Don't tell me I have your attention when I don't. Captivated you in a church dress with the hole in the stockings, eating salted tomatoes between two slices of bread feet touching mine under the table on a Sunday after my Confirmation ceremony.
Don't tell me how naughty a catholic school girl can be with your hand on my thigh and a thumb on my cheek. Kissing me hard and heavy, leaving a bite on my lip with a grunt smiling while you whip your hair back from your tan skin and brown eyes.

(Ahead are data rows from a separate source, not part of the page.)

(* For each positive integer $i$ let $\mathcal{F}_i$ be an edge-coloured digraph with $i$ vertices all of whose edges are double. For each composition $\alpha=(\alpha_1,\dots,\alpha_k)\vDash n$, let $\mathcal{F}_\alpha$ be the solid sum $\mathcal{F}_{\alpha_1}\ \text{solid-sum}\ \mathcal{F}_{\alpha_2}\ \text{solid-sum}\cdots\text{solid-sum}\ \mathcal{F}_{\alpha_k}$. Then $\{\mathscr{X}_{\mathcal{F}_\alpha}(x):\alpha\vDash n\}$ is a basis of $\mathrm{QSym}_n(x)$.
   Context: An edge-coloured digraph is a finite simple digraph with each edge of type dashed, solid ($a\rightarrow b$) or double ($a\Rightarrow b$). The solid sum of $G_1$ and $G_2$ is their disjoint union together with a solid edge $(a,b)$ for every $a\in V(G_1)$, $b\in V(G_2)$ (this operation is associative). A proper vertex-colouring is $\kappa:V\to\mathbb{P}$ with $\kappa(a)\ne\kappa(b)$, $\kappa(a)<\kappa(b)$, $\kappa(a)\le\kappa(b)$ for dashed, solid, double edges $(a,b)$ respectively, and $\mathscr{X}_G(x)=\sum_\kappa\prod_{a\in V(G)}x_{\kappa(a)}$ over proper vertex-colourings, in commuting variables. $\mathrm{QSym}_n(x)$ is the space of quasisymmetric functions homogeneous of degree $n$ (formal power series such that for each composition $(\beta_1,\dots,\beta_k)$ of $n$ all monomials $x_{i_1}^{\beta_1}\cdots x_{i_k}^{\beta_k}$ with $i_1<\dots<i_k$ have the same coefficient, and no other monomials occur). *)

From mathcomp Require Import all_boot all_order all_algebra.
Set Implicit Arguments. Unset Strict Implicit. Unset Printing Implicit Defensive.
Import GRing.Theory Num.Theory.
Local Open Scope ring_scope.

Inductive ecol := Dashed | Solid | Double.

Record ecdigraph := ECD { nv : nat; edge : 'I_nv -> 'I_nv -> option ecol }.

(* simple: no loops (at most one edge per ordered pair is built into [edge]) *)
Definition simple_ecd (G : ecdigraph) : Prop := forall a, @edge G a a = None.

Definition empty_ecd : ecdigraph := @ECD 0 (fun _ _ => None).

Definition solid_sum (G H : ecdigraph) : ecdigraph :=
  @ECD (nv G + nv H) (fun a b =>
    match split a, split b with
    | inl x, inl y => @edge G x y
    | inr x, inr y => @edge H x y
    | inl _, inr _ => Some Solid
    | inr _, inl _ => None
    end).

Definition solid_sum_list (s : seq ecdigraph) : ecdigraph :=
  foldr solid_sum empty_ecd s.

Definition is_comp (n : nat) (s : seq nat) : bool :=
  all (fun a => 0 < a)%N s && (sumn s == n).

Fixpoint seqs (m k : nat) : seq (seq nat) :=
  if m is m'.+1 then [seq i :: s | i <- iota 1 k, s <- seqs m' k] else [:: [::]].

Definition compn (n : nat) : seq (seq nat) :=
  [seq s <- flatten [seq seqs m n | m <- iota 0 n.+1] | is_comp n s].

(* A monomial x_{i_1}^{b_1} ... x_{i_k}^{b_k}, 0 < i_1 < ... < i_k, b_j > 0,
   is encoded as the list [:: (i_1,b_1); ...; (i_k,b_k)]. *)
Definition wf_mono (m : seq (nat * nat)) : bool :=
  sorted ltn (map fst m) && all (fun p => (0 < p.1) && (0 < p.2))%N m.

Definition mdeg (m : seq (nat * nat)) : nat := sumn (map snd m).

(* A formal power series in commuting variables x_1, x_2, ... over Q:
   its coefficient on each (well-formed code of a) monomial. *)
Definition series := seq (nat * nat) -> rat.

Definition QSym (n : nat) (f : series) : Prop :=
  (forall m, wf_mono m -> mdeg m != n -> f m = 0) /\
  (forall m m', wf_mono m -> wf_mono m' -> map snd m = map snd m' -> f m = f m').

Definition proper_edge (e : option ecol) (x y : nat) : bool :=
  match e with
  | None => true
  | Some Dashed => x != y
  | Some Solid => (x < y)%N
  | Some Double => (x <= y)%N
  end.

Definition proper_col (G : ecdigraph) (k : 'I_(nv G) -> nat) : bool :=
  [forall a, forall b, proper_edge (@edge G a b) (k a) (k b)].

Definition mono_of (v : nat) (k : 'I_v -> nat) : seq (nat * nat) :=
  let vs := [seq k a | a <- enum 'I_v] in
  [seq (i, count_mem i vs) | i <- sort leq (undup vs)].

(* every colouring with monomial m takes values <= max index of m *)
Definition bnd (m : seq (nat * nat)) : nat := (\max_(p <- m) p.1).+1.

Definition chromQ (G : ecdigraph) : series := fun m =>
  (#|[set k : {ffun 'I_(nv G) -> 'I_(bnd m)} |
      [forall a, (0 < k a)%N] && @proper_col G (fun a => nat_of_ord (k a))
      && (mono_of (fun a => nat_of_ord (k a)) == m)]|)%:R.

(* b_i (i in I, I duplicate-free) is a basis of the Q-space P of series *)
Definition is_basis (I : seq (seq nat)) (P : series -> Prop)
    (b : seq nat -> series) : Prop :=
  [/\ forall i, i \in I -> P (b i),
      forall c : seq nat -> rat,
        (forall m, wf_mono m -> \sum_(i <- I) c i * b i m = 0) ->
        forall i, i \in I -> c i = 0
    & forall f, P f -> exists c : seq nat -> rat,
        forall m, wf_mono m -> f m = \sum_(i <- I) c i * b i m].

(* For a composition b = (b_1, ..., b_k), evaluating a quasisymmetric function at the
   monomial x_1^b_1 ... x_k^b_k reads off its coefficient on the monomial basis element
   M_b.  For X_{F_a} this coefficient counts the proper colourings with colour content b.
   Every edge between two blocks of F_a is solid and points forward, so colours strictly
   increase from block to block: such a colouring needs at least l(a) colours, and when
   l(a) = l(b) it must give colour j to the whole j-th block, which forces a = b and
   leaves exactly one colouring.  So the transition matrix from {X_{F_a}} to {M_b} is
   unitriangular with respect to length, and {X_{F_a}} is a basis of QSym_n. *)

From mathcomp Require Import all_boot all_order all_algebra.
From mathcomp Require Import zify.
Set Implicit Arguments. Unset Strict Implicit. Unset Printing Implicit Defensive.
Import GRing.Theory Num.Theory.

(** * Monomials *)

Definition mono_mult (m : seq (nat * nat)) (i : nat) : nat :=
  if i \in map fst m then nth 0 (map snd m) (index i (map fst m)) else 0.

Definition col_mult v (k : 'I_v -> nat) (i : nat) : nat := \sum_(a < v) (k a == i).

Lemma col_mult_gt0 v (k : 'I_v -> nat) a : 0 < col_mult k (k a).
Proof. by rewrite /col_mult (bigD1 a) //= eqxx. Qed.

Lemma mono_mult_mono_of v (k : 'I_v -> nat) i : mono_mult (mono_of k) i = col_mult k i.
Proof.
rewrite /mono_mult /mono_of.
set vs := [seq k a | a <- enum 'I_v].
have -> : col_mult k i = count_mem i vs.
  by rewrite count_map -sum1_count big_enum_cond big_mkcond.
rewrite -!map_comp map_id /= mem_sort mem_undup.
case: ifP => [iv | /negbT/count_memPn -> //].
by rewrite (nth_map 0) ?nth_index ?index_mem ?mem_sort ?mem_undup.
Qed.

Lemma wf_mono_of v (k : 'I_v -> nat) : (forall a, 0 < k a) -> wf_mono (mono_of k).
Proof.
move=> k_gt0; rewrite /wf_mono /mono_of -map_comp map_id.
rewrite ltn_sorted_uniq_leq sort_uniq undup_uniq sort_sorted /=; last exact: leq_total.
apply/allP => p /mapP[j]; rewrite mem_sort mem_undup => /mapP[a _ ->] -> /=.
rewrite k_gt0 -has_count; apply/hasP; exists (k a).
  exact: map_f (mem_enum _ _).
exact: eqxx.
Qed.

Lemma mdeg_mono_of v (k : 'I_v -> nat) : mdeg (mono_of k) = v.
Proof.
rewrite /mdeg /mono_of -map_comp.
set vs := [seq k a | a <- enum 'I_v].
have -> : v = size vs by rewrite size_map size_enum_ord.
rewrite -(perm_size (perm_count_undup vs)) size_flatten /shape -map_comp sumnE big_map.
rewrite sumnE big_map (perm_big _ (permEl (perm_sort _ _))).
by apply: eq_bigr => i _; rewrite /= size_nseq.
Qed.

Lemma mono_mult_gt0 m i : wf_mono m -> (0 < mono_mult m i) = (i \in map fst m).
Proof.
case/andP=> _ /allP m_gt0; rewrite /mono_mult; case: ifP => // im.
have : nth 0 (map snd m) (index i (map fst m)) \in map snd m.
  by rewrite mem_nth // size_map -(size_map fst) index_mem.
by case/mapP=> p /m_gt0 /andP[_ p2_gt0] ->.
Qed.

Lemma wf_mono_uniq m : wf_mono m -> uniq (map fst m).
Proof. by case/andP=> /sorted_uniq-> //; [exact: ltn_trans | exact: ltnn]. Qed.

Lemma wf_mono_inj m1 m2 : wf_mono m1 -> wf_mono m2 ->
  mono_mult m1 =1 mono_mult m2 -> m1 = m2.
Proof.
move=> m1_wf m2_wf mult12.
have keys12 : map fst m1 = map fst m2.
  apply: (irr_sorted_eq ltn_trans ltnn); [by case/andP: m1_wf | by case/andP: m2_wf |].
  by move=> i; rewrite -!mono_mult_gt0 ?mult12.
have exps12 : map snd m1 = map snd m2.
  apply: (@eq_from_nth _ 0); first by rewrite !size_map -(size_map fst m1) keys12 size_map.
  move=> j; rewrite size_map => j_lt.
  have key_j : nth 0 (map fst m1) j \in map fst m1 by rewrite mem_nth ?size_map.
  have := mult12 (nth 0 (map fst m1) j); rewrite /mono_mult -keys12 key_j.
  by rewrite index_uniq ?size_map ?wf_mono_uniq.
by rewrite -(zip_unzip m1) -(zip_unzip m2) /unzip1 /unzip2 keys12 exps12.
Qed.

Lemma mono_ofP v (k : 'I_v -> nat) m : wf_mono m -> (forall a, 0 < k a) ->
  reflect (forall i, col_mult k i = mono_mult m i) (mono_of k == m).
Proof.
move=> m_wf k_gt0; apply: (iffP eqP) => [<- i | km]; first by rewrite mono_mult_mono_of.
by apply: wf_mono_inj (wf_mono_of k_gt0) m_wf _ => i; rewrite mono_mult_mono_of.
Qed.

Lemma mono_of_mem v (k : 'I_v -> nat) m a : wf_mono m -> (forall a, 0 < k a) ->
  mono_of k = m -> k a \in map fst m.
Proof.
move=> m_wf k_gt0 /eqP/(mono_ofP m_wf k_gt0) km.
by rewrite -mono_mult_gt0 // -km col_mult_gt0.
Qed.

(** * Quasisymmetry of chromatic functions *)

Lemma proper_edge_mono e (f : nat -> nat) (D : {pred nat}) x y :
  {in D &, {mono f : x y / x <= y}} -> x \in D -> y \in D ->
  proper_edge e (f x) (f y) = proper_edge e x y.
Proof.
move=> f_mono xD yD; case: e => [[]|] //=; last exact: f_mono.
  by rewrite (inj_in_eq (incn_inj_in f_mono)).
exact: (leqW_mono_in f_mono).
Qed.

Section SortedReindex.

Variables K K' : seq nat.
Hypotheses (K_sorted : sorted ltn K) (K'_sorted : sorted ltn K').
Hypothesis K_size : size K = size K'.

Definition reindex (x : nat) : nat := nth 0 K' (index x K).

Lemma reindex_mem x : x \in K -> reindex x \in K'.
Proof. by move=> xK; rewrite mem_nth // -K_size index_mem. Qed.

Lemma reindex_index x : x \in K -> index (reindex x) K' = index x K.
Proof.
by move=> xK; rewrite index_uniq ?(sorted_uniq ltn_trans ltnn) // -K_size index_mem.
Qed.

Lemma reindex_mono : {in K &, {mono reindex : x y / x <= y}}.
Proof.
apply: leq_mono_in => x y xK yK x_lt_y.
have K_leq : sorted leq K by apply: sub_sorted K_sorted => ? ? /ltnW.
have idx_lt : index x K < index y K.
  rewrite ltnNge; apply: contraTN x_lt_y.
  by move/(sorted_leq_index leq_trans leqnn K_leq _ _ yK xK); rewrite -leqNgt.
by apply: (sorted_ltn_nth ltn_trans 0 K'_sorted); rewrite // inE -K_size index_mem.
Qed.

Lemma reindex_onto y : y \in K' -> exists2 x, x \in K & reindex x = y.
Proof.
move=> yK'; exists (nth 0 K (index y K')); first by rewrite mem_nth // K_size index_mem.
by rewrite /reindex index_uniq ?K_size ?index_mem ?nth_index ?(sorted_uniq ltn_trans ltnn).
Qed.

End SortedReindex.

Definition colourings (G : ecdigraph) (m : seq (nat * nat)) :=
  [set k : {ffun 'I_(nv G) -> 'I_(bnd m)} | [forall a, 0 < k a]
     && proper_col (fun a => nat_of_ord (k a))
     && (mono_of (fun a => nat_of_ord (k a)) == m)].

Lemma chromQE G m : chromQ G m = (#|colourings G m|%:R)%R.
Proof. by []. Qed.

Lemma key_lt_bnd m x : x \in map fst m -> x < bnd m.
Proof.
case/mapP=> p pm ->; rewrite ltnS.
exact: (@leq_bigmax_seq _ m xpredT (fun p : nat * nat => p.1) p pm).
Qed.

Lemma wf_mono_key_gt0 m x : wf_mono m -> x \in map fst m -> 0 < x.
Proof. by case/andP=> _ /allP m_gt0 /mapP[p /m_gt0 /andP[p1_gt0 _] ->]. Qed.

Don't tell me you love the way I look when you don't know me yet. Cigarette drag me out breathing smoke behind my ears as you lay your hand out the window beside your bed, while my mama's sleeping and doesn't know where I am and my white blouse is on the chair hanging next to my purity.
Don't tell me how unholy I've been when you don't know faith. How it's not worth praying for something I don't have any more, lost in my own disillusions that you created out of words you swear you left unsaid, with a tear pressed against the part of me that felt like it was falling in love.
Don't tell me that it's all my fault.
Don't call me your lady when all I ever wanted was for you to settle down with me like a safety, anchor your trust in my belly made to keep my body warm, but your icy cold.
Don't rip or tear or strike out your own mistakes on my body.
Don't tell me how ****** up innocence is when all I was before you came was a Mary Jane shoe with some of the leather worn on the sole from walking too far to find someone to caress my hair.
Don't leave me open and dry when all this ever was, was an advantage you took too easily on an infatuated girl who was too young and didn't know the difference.